Bosch last week announced that it had received an in-principle recognition as a high-technology company from the prime minister, overcoming the last obstacle to continue expanding its investments to 230 million euros by 2015 in Vietnam.

The Prime Minister Nguyen Tan Dung’s in-principle recognition came after reviewing proposals from the Ministry of Planning and Investment, the Ministry of Science and Technology, the Ministry of Finance and the Ministry of Industry and Trade.

The decision means Bosch will pay just 10 per cent corporate income tax on their income for products at its operating high-technology factory in southern Dong Nai province.

“We view the high-technology qualification as an affirmation of Bosch as a global leader in innovation and technology,” said Vo Quang-Hue, managing director of Bosch Vietnam.

Bosch established its first wholly-owned subsidiary in Vietnam in 2008 for trading, as well as the planned investment in a continuously variable transmission pushbelt manufacturing plant.

In 2011, the high-technology plant opened its doors in Long Thanh Industrial Zone in southern Dong Nai province.
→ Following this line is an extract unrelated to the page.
(* Let $n\ge1$ be an integer. For every valid configuration $c\in\Omega'_n$, there exist two strictly increasing sequences $A,B:\mathbb Z\to\mathbb Z$ such that: (1) the set of positions of junction tiles in $c$ is the Cartesian product $c^{-1}(J'_n)=A(\mathbb Z)\times B(\mathbb Z)$; (2) $A(k+1)-A(k)\in\{n,n+1\}$ for every $k\in\mathbb Z$; (3) $B(k+1)-B(k)\in\{n,n+1\}$ for every $k\in\mathbb Z$.
   Context: $V_n=\{(v_0,v_1,v_2)\in\mathbb{Z}^3: 0\le v_0\le v_1\le 1,\ v_1\le v_2\le n+1\}$, elements written as words $v_0v_1v_2$. A Wang tile is $t=(a,b,c,d)$ with $\mathrm{RIGHT}(t)=a$, $\mathrm{TOP}(t)=b$, $\mathrm{LEFT}(t)=c$, $\mathrm{BOTTOM}(t)=d$; $\hat t=(b,a,d,c)$, $\hat S=\{\hat t:t\in S\}$. Define (as (right, top, left, bottom)): $W_n=\{(11(i+1),11(j+1),11i,11j):1\le i,j\le n\}$; $B'_n=\{(00(i+1),111,00i,11n):0\le i\le n\}$; $G_n=\{(01(i+1),111,00i,11(n+1)):0\le i\le n\}$; $Y_n=\{(01(i+1),112,01i,11(n+1)):1\le i\le n\}$; $A_n=\{(00(i+1),112,01i,11n):1\le i\le n\}$; $J'_n=\{((0,k,l),(0,r,s),(0,s,r+n),(0,l,k+n)):(k,l),(r,s)\in\{(0,0),(0,1),(1,1)\}\}$ (junction tiles). $\mathcal T'_n=W_n\cup B'_n\cup G_n\cup Y_n\cup A_n\cup\hat B'_n\cup\hat G_n\cup\hat Y_n\cup\hat A_n\cup J'_n$. $\Omega'_n$ is the set of configurations $c:\mathbb Z^2\to\mathcal T'_n$ with $\mathrm{RIGHT}(c(\mathbf m))=\mathrm{LEFT}(c(\mathbf m+\mathbf e_1))$ and $\mathrm{TOP}(c(\mathbf m))=\mathrm{BOTTOM}(c(\mathbf m+\mathbf e_2))$ for all $\mathbf m$. *)

From Stdlib Require Import ZArith.
Open Scope Z_scope.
By the end 2012, Bosch said it had invested approximately 100 million euros in this factory.

The German firm planned to expand its investments to 230 million euros by 2015 through the construction of new production workshops and import new equipment and machinery to raise production capacity to 5.7 million units per year.

“We are heartened by the progressive direction that the Vietnamese government is taking to not only attract new foreign investments into the country, but also to incentivise existing companies to expand their operations within the company,” said Martin Hayes, president of Bosch Southeast Asia.

He believed this decision demonstrated Vietnam as a “pro-investment country” not only to other business divisions within Bosch, but to the rest of the world as well.

Since Vietnam wants to attract more investments from multinational companies, the government has granted the highest possible incentives to transnational companies such as Samsung Electronics, Nokia, Intel and now Bosch.

The Vietnamese government is now also mulling over offering more giant foreign investors alluring incentives to attract important investment projects in the country.

According to the latest draft Corporate Income Tax Law proposed by the Ministry of Finance sent to the National Assembly last month, the Vietnamese government will directly negotiate with foreign investors to offer more investment incentives for their mammoth projects which are due to have big impacts on the country’s socio-economic development.